Question

factor the following trinomial. 100x² + 140x + 49 (?x + \square)²

Explanation:

Step1: Identify the form of perfect square trinomial

A perfect square trinomial has the form \(a^{2}+2ab + b^{2}=(a + b)^{2}\). For the trinomial \(100x^{2}+140x + 49\), we first find \(a\) and \(b\) such that \(a^{2}=100x^{2}\) and \(b^{2}=49\).
From \(a^{2}=100x^{2}\), we take the square root: \(a=\sqrt{100x^{2}} = 10x\) (we consider the positive root for the form \((a + b)^{2}\)).
From \(b^{2}=49\), we take the square root: \(b=\sqrt{49}=7\) (positive root as well).

Step2: Verify the middle term

Now, we check if \(2ab\) equals the middle term \(140x\). Substitute \(a = 10x\) and \(b = 7\) into \(2ab\):
\(2ab=2\times(10x)\times7=140x\), which matches the middle term of the trinomial.

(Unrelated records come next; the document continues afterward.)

Lemma has_imp_exists S : (exists l r, is_rep S e l r) -> exists q, has_imp S e q.
Proof.
move=> [l [r hlr]].
have [q [[[l' [r' [hrep <-]]] hmin] _]] :=
  @dec_inh_nat_subset_has_unique_least_element
    (fun n => exists l r, is_rep S e l r /\ imp_rep S l r = n) (fun n => classic _)
    (ex_intro _ _ (ex_intro _ l (ex_intro _ r (conj hlr erefl)))).
exists (imp_rep S l' r'); split; first by exists l', r'.
by move=> l1 r1 h1; apply/leP; apply: hmin; exists l1, r1.
Qed.

Lemma rep_restrict (S : {set T}) l r : is_rep [set: T] e l r -> is_rep S e l r.
Proof.
case=> h1 h2; split; first by move=> v _; apply: h1; rewrite inE.
by move=> v w _ _ hvw; apply: h2; rewrite ?inE.
Qed.

Lemma critical_proper_lt p (S : {set T}) k : critical e p -> interval_graph e -> S \proper [set: T] ->
  (forall l r, is_rep S e l r -> k <= imp_rep S l r) -> k < p.
Proof.
move=> [_ [_ hcrit]] [l [r hrep]] hS hk.
have [q hq] := has_imp_exists (ex_intro _ l (ex_intro _ r (rep_restrict S hrep))).
have [[l' [r' [hrep' hq']]] _] := hq.
by rewrite (leq_ltn_trans (hk _ _ hrep')) // hq' (hcrit S hS q hq).
Qed.

End Impropriety.

Section Basepoint.
Variables (T : finType) (e : rel T) (p : nat).
Hypotheses (esym : symmetric e) (eirr : irreflexive e) (hconn : connected_graph e).
Hypotheses (hcrit : critical e p) (hint : interval_graph e).

(* Deleting from G everything in the arm components except the arm vertices
   leaves a proper induced subgraph, to which wt_le_imp_at applies; this
   contradicts criticality when wt z = p. *)
Lemma arms_contradict z Q a b Q2 x2 y2 w0 : wt e z = p ->
  Q \in local_comps e z -> arm e z Q a b -> Q2 \in local_comps e z -> arm e z Q2 x2 y2 ->
  (Q2 = Q -> local_comps e z \subset nonext_comps e z :|: [set Q]) ->
  w0 \in Q -> w0 \notin [set a; b; x2; y2] -> False.
Proof.
move=> hwt hQ harm hQ2 harm2 hone hw0 hw0n.
set S := ~: ((Q :|: Q2) :\: [set a; b; x2; y2]).
have inS w : w \in S = (w \in Q :|: Q2) ==> (w \in [set a; b; x2; y2]).
  by rewrite in_setC in_setD negb_and negbK orbC implybE.
have keep w : w \in [set a; b; x2; y2] -> w \in S by rewrite inS => ->; rewrite implybT.
have outside C Q' a' b' w : C \in nonext_comps e z -> Q' \in local_comps e z ->
    arm e z Q' a' b' -> w \in C -> w \notin Q'.
  rewrite inE => /andP [hC hne] hQ' [_ hb' _ nzb' _] hw; apply: contraNN hne => hwQ'.
  by rewrite (same_local_comp esym hC hQ' hw hwQ' (or_introl erefl)) (exteriorP hb' nzb').
have zout Q' : Q' \in local_comps e z -> z \notin Q'.
  by move=> hQ'; apply: contraTN isT => /(local_comps_neq hQ'); rewrite eqxx.
have zS : z \in S by rewrite inS in_setU (negbTE (zout _ hQ)) (negbTE (zout _ hQ2)).
have hsub C : C \in nonext_comps e z -> C \subset S.
  move=> hC; apply/subsetP => w hw.
  by rewrite inS in_setU (negbTE (outside _ _ _ _ _ hC hQ harm hw))
    (negbTE (outside _ _ _ _ _ hC hQ2 harm2 hw)).
have Sproper : S \proper [set: T].
  rewrite properT; apply/eqP => /setP /(_ w0).
  by rewrite inS in_setT in_setU hw0 /= (negbTE hw0n).
suff : p < p by rewrite ltnn.
apply: (critical_proper_lt hcrit hint Sproper) => l r hrep.
rewrite -{1}hwt; apply: leq_trans (leq_bigmax_cond _ zS).
apply: (wt_le_imp_at esym eirr hrep zS hsub hQ harm _ _ hQ2 harm2) => //;
  by apply: keep; rewrite !inE eqxx ?orbT.
Qed.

Step3: Write the factored form

Since \(100x^{2}+140x + 49=(10x)^{2}+2\times(10x)\times7+7^{2}\), by the perfect square trinomial formula, it factors to \((10x + 7)^{2}\).

Answer:

The first box (for the coefficient of \(x\)) is \(10\) and the second box is \(7\), so the factored form is \((10x + 7)^{2}\).